Pour Karine Jacquemart, directrice de foodwatch France : « Malgré la mobilisation de plus de 100 000 citoyen.nes via la pétition lancée par foodwatch et le CCFD-Terre Solidaire, aucune mesure n’est prise pour empêcher ces abus. Nous avons interpellé Emmanuel Macron dans une lettre ouverte 3, pointant du doigt sa responsabilité, y compris lorsqu’il présente des multinationales agro-alimentaires comme l’une des solutions-clés aux crises, sans exiger à minima qu’elles s’engagent justement à ne pas contribuer aux dérives de la spéculation alimentaire. Nous continuons d’exiger des réponses et des mesures fortes contre ce laisser-faire scandaleux ». 

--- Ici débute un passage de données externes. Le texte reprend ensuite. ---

Section QNum.
Variable F : fieldType.
Definition qint (x : F) (m : nat) : F := (x ^+ m - x ^- m) / (x - x^-1).
Definition qfact (x : F) (m : nat) : F := \prod_(1 <= k < m.+1) qint x k.
Definition qbinom (x : F) (m r : nat) : F :=
  qfact x m / (qfact x r * qfact x (m - r)).
End QNum.

(* classical minimum of a set of naturals (0 if the set is empty; in
   the paper the relevant sets are always nonempty) *)
Definition nmin (P : nat -> Prop) : nat :=
  match excluded_middle_informative (exists m, P m) with
  | left _ => epsilon (inhabits 0%N)
                (fun m => P m /\ forall k, P k -> (m <= k)%N)
  | right _ => 0%N
  end.

(* Finite-dimensional representations of U_q L g on V = F^n (column   *)
(* vectors), given by the matrices of E_i, F_i, K_i, K_i^{-1}.         *)
Section Rep.
Variables (I : finType) (C : I -> I -> int) (d : I -> nat)
          (th : {ffun I -> int}).
Variables (F : fieldType) (q : F) (n : nat).
Variables (E Fo K Ki : Ihat I -> 'M[F]_n).

Local Notation a := (acm C d th).
Definition qi (i : Ihat I) : F := q ^+ dsym C d th i.

(* Drinfeld-Jimbo relations of U_q L g (with prod K_i^{a_i} = 1) *)
Record ULg_rep : Prop := {
  rep_KKi : forall i, K i * Ki i = 1 /\ Ki i * K i = 1;
  rep_Kcomm : forall i j, K i * K j = K j * K i;
  rep_KE : forall i j, K i * E j * Ki i = qi i ^ a i j *: E j;
  rep_KF : forall i j, K i * Fo j * Ki i = qi i ^ (- a i j) *: Fo j;
  rep_EF : forall i j, E i * Fo j - Fo j * E i =
      if i == j then (qi i - (qi i)^-1)^-1 *: (K i - Ki i) else 0;
  rep_serreE : forall i j, i != j ->
      let m := absz (1 - a i j) in
      \sum_(r < m.+1) ((-1) ^+ r * qbinom (qi i) m r) *:
          (E i ^+ (m - r) * E j * E i ^+ r) = 0;
  rep_serreF : forall i j, i != j ->
      let m := absz (1 - a i j) in
      \sum_(r < m.+1) ((-1) ^+ r * qbinom (qi i) m r) *:
          (Fo i ^+ (m - r) * Fo j * Fo i ^+ r) = 0;
  rep_central : \prod_(i : Ihat I) K i ^+ mark th i = 1
}.

(* type 1: each K_i acts semisimply with eigenvalues in q^Z *)
Definition type1 : Prop :=
  forall (i : Ihat I) (v : 'cV[F]_n), exists s : seq (int * 'cV[F]_n),
    v = \sum_(p <- s) p.2 /\
    forall p, p \in s -> K i *m p.2 = q ^ p.1 *: p.2.

Definition irreducible : Prop :=
  (0 < n)%N /\
  forall W : 'cV[F]_n -> Prop,
    W 0 -> (forall (c : F) x y, W x -> W y -> W (c *: x + y)) ->
    (forall i x, W x ->
        [/\ W (E i *m x), W (Fo i *m x), W (K i *m x) & W (Ki i *m x)]) ->
    (forall x, W x -> x = 0) \/ (forall x, W x).

Definition in_wt (lam : weight I) (x : 'cV[F]_n) : Prop :=
  forall i : I, K (Some i) *m x = qi (Some i) ^ lam i *: x.

Definition in_supp (lam : weight I) : Prop :=
  exists x, x != 0 /\ in_wt lam x.

Definition in_Qplus_diff (lam0 mu : weight I) : Prop :=
  exists c : {ffun I -> nat}, forall i, lam0 i - mu i = \sum_j (c j)%:Z * C i j.

Definition is_highest_weight (lam0 : weight I) : Prop :=
  in_supp lam0 /\ forall mu, in_supp mu -> in_Qplus_diff lam0 mu.

Definition wdecomp (v : 'cV[F]_n) (s : seq (weight I * 'cV[F]_n)) : Prop :=
  [/\ uniq (map fst s),
      forall p, p \in s -> p.2 != 0 /\ in_wt p.1 p.2
    & v = \sum_(p <- s) p.2].

(* the weight component v_lambda of v (0 if lambda is not in Supp(v)) *)
Definition wcomp (v : 'cV[F]_n) (lam : weight I) : 'cV[F]_n :=
  epsilon (inhabits 0) (fun x => exists s, wdecomp v s /\
     ((lam, x) \in s \/ (lam \notin map fst s /\ x = 0))).

(* E_{i_1} ... E_{i_l} x for s = [:: i_1; ...; i_l] *)
Definition Eword (s : seq (Ihat I)) (x : 'cV[F]_n) : 'cV[F]_n :=
  foldr (fun i y => E i *m y) x s.

Definition dplus_wt (lam0 : weight I) (x : 'cV[F]_n) : nat :=
  nmin (fun l => exists s : seq (Ihat I),
          [/\ size s = l, in_wt lam0 (Eword s x) & Eword s x != 0]).

Definition dplus (lam0 : weight I) (v : 'cV[F]_n) : nat :=
  nmin (fun l => exists lam, wcomp v lam != 0 /\
                   dplus_wt lam0 (wcomp v lam) = l).

End Rep.

From Pilot Require Import Defs.
From HB Require Import structures.
From mathcomp Require Import all_boot all_order all_algebra.
From mathcomp Require Import reals.
From mathcomp Require Import complex.
From Stdlib Require Import ClassicalEpsilon.

Set Implicit Arguments.
Unset Strict Implicit.
Unset Printing Implicit Defensive.
Import Order.TTheory GRing.Theory Num.Theory.
Local Open Scope ring_scope.
Local Notation tof := (@FracField.tofrac R).
Local Notation thK := (map_poly tof theta).
Local Notation aF := (lift2 (cst2 a * F)).
Local Notation phiy := (vary + aF).
Local Notation phix := (varx + cst2 (tof a)^-1 * (evalP thK vary - evalP thK phiy)).

Let tofa_neq0 : tof a != 0. Proof. by rewrite tofrac_eq0. Qed.

Lemma lift2_f : lift2 f = cst2 (tof a) * varx + map_poly polyC thK.
Proof. by rewrite rmorphD rmorphM /= lift2_cst lift2_varx lift2_polyC. Qed.

Lemma chi_inj v w : chi v = chi w -> v = w.
Proof.
move=> /(congr1 (@lift2 R)); rewrite !lift2_eval2 lift2_vary lift2_f.
by move=> /(eval2_f_inj tofa_neq0) /lift2_inj.
Qed.

Lemma phi_f : eval2 (lift2 f) phix phiy = lift2 f.
Proof. by rewrite lift2_f eval2_f_phi. Qed.

Lemma phi_chi w : eval2 (lift2 (chi w)) phix phiy = lift2 (chi (eval2 w varx (vary + c))).
Proof.
rewrite chi_translate !lift2_eval2 eval2_comp phi_f lift2_vary eval2_vary.
by rewrite [lift2 (vary + _)]rmorphD /= lift2_vary.
Qed.

Lemma translate_fixed u N v : eval2 (lift2 u) phix phiy = lift2 u ->
  chi v = cst2 (a ^+ N) * u -> eval2 v varx (vary + c) = v.
Proof.
move=> u_fixed vE; apply: chi_inj; apply: lift2_inj.
by rewrite -phi_chi vE rmorphM /= lift2_cst eval2M eval2_cst u_fixed.
Qed.

Lemma phi_fixed_repr u q1R : f - evalP ts q = cst2 d * q1R ->
  eval2 (lift2 u) phix phiy = lift2 u -> exists N H, cst2 (a ^+ N) * u = eval2 H q1R q.
Proof.
move=> q1RE u_fixed.
have [N [v vE]] := chi_denominator u.
have [W WE] := translate_fixed_AS (translate_fixed u_fixed vE).
exists N, (eval2 W (cst2 d * varx + map_poly polyC ts) vary).
rewrite -vE WE chi_AS eval2_comp eval2D eval2M eval2_cst eval2_varx eval2_polyC.
by rewrite eval2_vary -q1RE subrK.
Qed.

Lemma phi_aF : eval2 aF phix phiy = aF.
Proof.
have aFE : aF = cst2 (tof a) * evalP (map_poly tof G) (lift2 f).
  by rewrite rmorphM /= lift2_cst lift2_evalP.
by rewrite {1}aFE eval2M eval2_cst evalP_eval2 phi_f -aFE.
Qed.

Lemma phi_q : eval2 (lift2 q) phix phiy = lift2 q.
Proof.
rewrite lift2_AS.
exact: (eval2_AS_translate (rmorph_pchar tof hp) phi_aF).
Qed.

Lemma lift2_q1R q1R : f - evalP ts q = cst2 d * q1R ->
  lift2 q1R = cst2 (tof d)^-1 * lift2 (f - evalP ts q).
Proof. by move=> ->; rewrite rmorphM /= lift2_cst cst2VK // tofrac_eq0. Qed.

Lemma phi_q1 q1R : f - evalP ts q = cst2 d * q1R ->
  eval2 (lift2 q1R) phix phiy = lift2 q1R.
Proof.
move=> /lift2_q1R ->; rewrite lift2B lift2_evalP eval2M eval2_cst.
by rewrite eval2B evalP_eval2 phi_f phi_q.
Qed.

Lemma phi_fixed_Rb_repr u q1R : f - evalP ts q = cst2 d * q1R ->
  eval2 (lift2 u) phix phiy = lift2 u ->
  exists2 H, H \is a polyOver (polyOver_pred (Rb b)) & lift2 u = eval2 H (lift2 q1R) (lift2 q).
Proof.
move=> q1RE u_fixed.
have [N [H HE]] := phi_fixed_repr q1RE u_fixed.
have [r1 r1E] := q1R_decomp q1RE.
set r2 := - (cst2 b * cst2 a ^+ pp * F ^+ pp.+1 * vary).
have q1KE : lift2 q1R = cst2 (tof b) * varx + eval2 (lift2 q1R) 0 vary + cst2 (tof d) * lift2 r1.
  by rewrite {1}r1E !rmorphD !rmorphM /= !lift2_cst lift2_varx lift2_eval2 lift2_vary rmorph0.
have qE : q = vary ^+ p + cst2 d * r2 by rewrite mulrN -yp_sub_q opprB [RHS]addrC subrK.
have qKE : lift2 q = vary ^+ p + cst2 (tof d) * lift2 r2 by rewrite {1}qE lift2_XnD_cstM.
have HKE : eval2 (lift2 H) (lift2 q1R) (lift2 q) =
    cst2 (tof d ^+ N) * (cst2 (tof b ^+ N) * lift2 u).
  by rewrite -lift2_eval2 -HE rmorphM /= lift2_cst ab exprMn !rmorphM !rmorphXn /= mulrA.
have [dK bK] : tof d != 0 /\ tof b != 0 by rewrite !tofrac_eq0.
have bNuS : cst2 (tof b ^+ N) * lift2 u \is a polyOver (polyOver_pred (Rb b)).
  by rewrite rpredM ?cst2_in ?rpredX ?Rb_tofrac ?lift2_Rb.
have dNHS := descent (ltn0Sn pp.+1) (Rb_tofrac b b) (Rb_invb b_neq0) (Rb_tofrac b d) bK dK
  (lift2_Rb b q1R) (lift2_Rb b q) (lift2_Rb b r1) (lift2_Rb b r2) q1KE qKE
  (lift2_Rb b H) bNuS HKE.
exists (cst2 (tof b ^+ N)^-1 * (cst2 (tof d ^+ N)^-1 * lift2 H)).
  by rewrite rpredM ?cst2_in // -exprVn rpredX ?Rb_invb.
rewrite eval2M eval2_cst eval2M eval2_cst HKE.
have [dN0 bN0] := (expf_neq0 N dK, expf_neq0 N bK).
(* Rewriting with cst2VK here would make unification unfold inverses in K. *)
exact: esym (etrans (congr1 (fun X => _ * X) (cst2VK _ dN0)) (cst2VK _ bN0)).
Qed.

End Theorem6p4.

Theorem theorem6p4 (R : idomainType) (hUFD : is_UFD R) (p : nat)
  (hp : p \in [pchar R])
  (a : R) (ha : a != 0)
  (theta : {poly R}) (htheta : theta != 0) (htheta0 : theta`_0 = 0)
  (F : {poly {poly R}}) (hF : F != 0)
  (hFf : exists G : {poly R},
      F = evalP G (cst2 a * varx + map_poly polyC theta))
  (d b : R)
  (hd : is_gcd (d%:P) (a%:P) (theta^`()))
  (hb : a = d * b) :
  let f : {poly {poly R}} := cst2 a * varx + map_poly polyC theta in
  let K := {fraction R} in
  let tof := @FracField.tofrac R in
  let aF : {poly {poly K}} := lift2 (cst2 a * F) in
  let thK : {poly K} := map_poly tof theta in
  let phiy : {poly {poly K}} := vary + aF in
  let phix : {poly {poly K}} :=
    varx + cst2 (tof a)^-1 * (evalP thK vary - evalP thK phiy) in
  let q : {poly {poly R}} := vary ^+ p - (cst2 a * F) ^+ p.-1 * vary in
  let q1 : {poly {poly K}} :=
    cst2 (tof d)^-1 * lift2 (f - evalP (theta_star p theta) q) in
  forall u : {poly {poly R}},
    eval2 (lift2 u) phix phiy = lift2 u
    <->
    exists G : {poly {poly K}},
      (forall i j : nat, inRb b (G`_i`_j)) /\ lift2 u = eval2 G q1 (lift2 q).
Proof.
have := pcharf_prime hp; case: p hp => [|[|pp]] hp // _.
have [G FE] := hFf; subst F.
have G_neq0 : G != 0 by apply: contraNneq hF => ->; rewrite evalP0.
have b_neq0 : b != 0 by apply: contraNneq ha; rewrite hb => ->; rewrite mulr0.
have [q1R q1RE] := dvd_f_sub_theta_star_q hp G hb hd.2.1.
move=> f K tof aF thK phiy phix q q1 u.
have -> : q1 = lift2 q1R by exact: esym (lift2_q1R ha hb q1RE).
split=> [u_fixed | [H [_ ->]]].
  have [H HS uE] := phi_fixed_Rb_repr hp ha G_neq0 hb q1RE u_fixed.
  exists H; split=> // i j.
  exact/(Rb_inRb b_neq0)/(polyOverP (polyOverP HS i)).
by rewrite eval2_comp (phi_q1 hp ha hb q1RE) (phi_q hp theta G ha).
Qed.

Face à la crise alimentaire mondiale et aux profits records des entreprises agro-alimentaires  et des fonds d’investissements les deux organisations appellent de nouveau les responsables politiques à s’engager pour mettre en œuvre les solutions connues : 

1.Baisser sérieusement les limites de position afin de stopper la spéculation excessive
Les limites de positions plafonnent, par acteur, les volumes d’échanges réalisés sur les marchés financiers. Les limites actuelles doivent être baissées et renforcées.

2.Exclure des marchés les investisseurs financiers qui spéculent de façon excessive sur les matières premières agricoles, ou restreindre leur accès à minima
Il faut limiter l’accès et la capacité des opérateurs à spéculer sur ces marchés. A minima, augmenter drastiquement les dépôts de garanties et appels de marge - cautions versées pour accéder au marché - qui leur sont demandés.

3. Rendre les marchés plus transparents 
L’opacité des marchés et le manque de transparence sur les opérations rend extrêmement difficile l’évaluation du rôle de la spéculation dans les prix alimentaires. Il faut absolument mettre de la transparence au cœur des marchés, pour casser le climat actuel de totale impunité : transparence sur les acteurs qui interviennent sur ces marchés mais aussi meilleure transparence sur les stocks - pour éviter la panique du marché.

S’il faut évidemment renforcer les mesures de régulation des marchés des matières premières agricoles, il faut aussi exiger un renversement de la charge de la preuve : les acteurs financiers et les multinationales agro-alimentaires doivent être vigilantes à leurs pratiques, plus transparentes et montrer qu’elles ne contribuent pas aux pratiques de spéculation excessive sur l’alimentation.

Le CCFD-Terre Solidaire et foodwatch appellent en priorité la France et les autres Etats membres européens à appuyer une réforme ambitieuse de la Directive européenne sur la régulation des marchés financiers, MIFID 2, en cours de discussion. La France doit aussi porter une position ambitieuse pour pousser les instances internationales à s’emparer du sujet, au risque de contribuer à aggraver par son inaction la faim dans l’hexagone et dans le monde.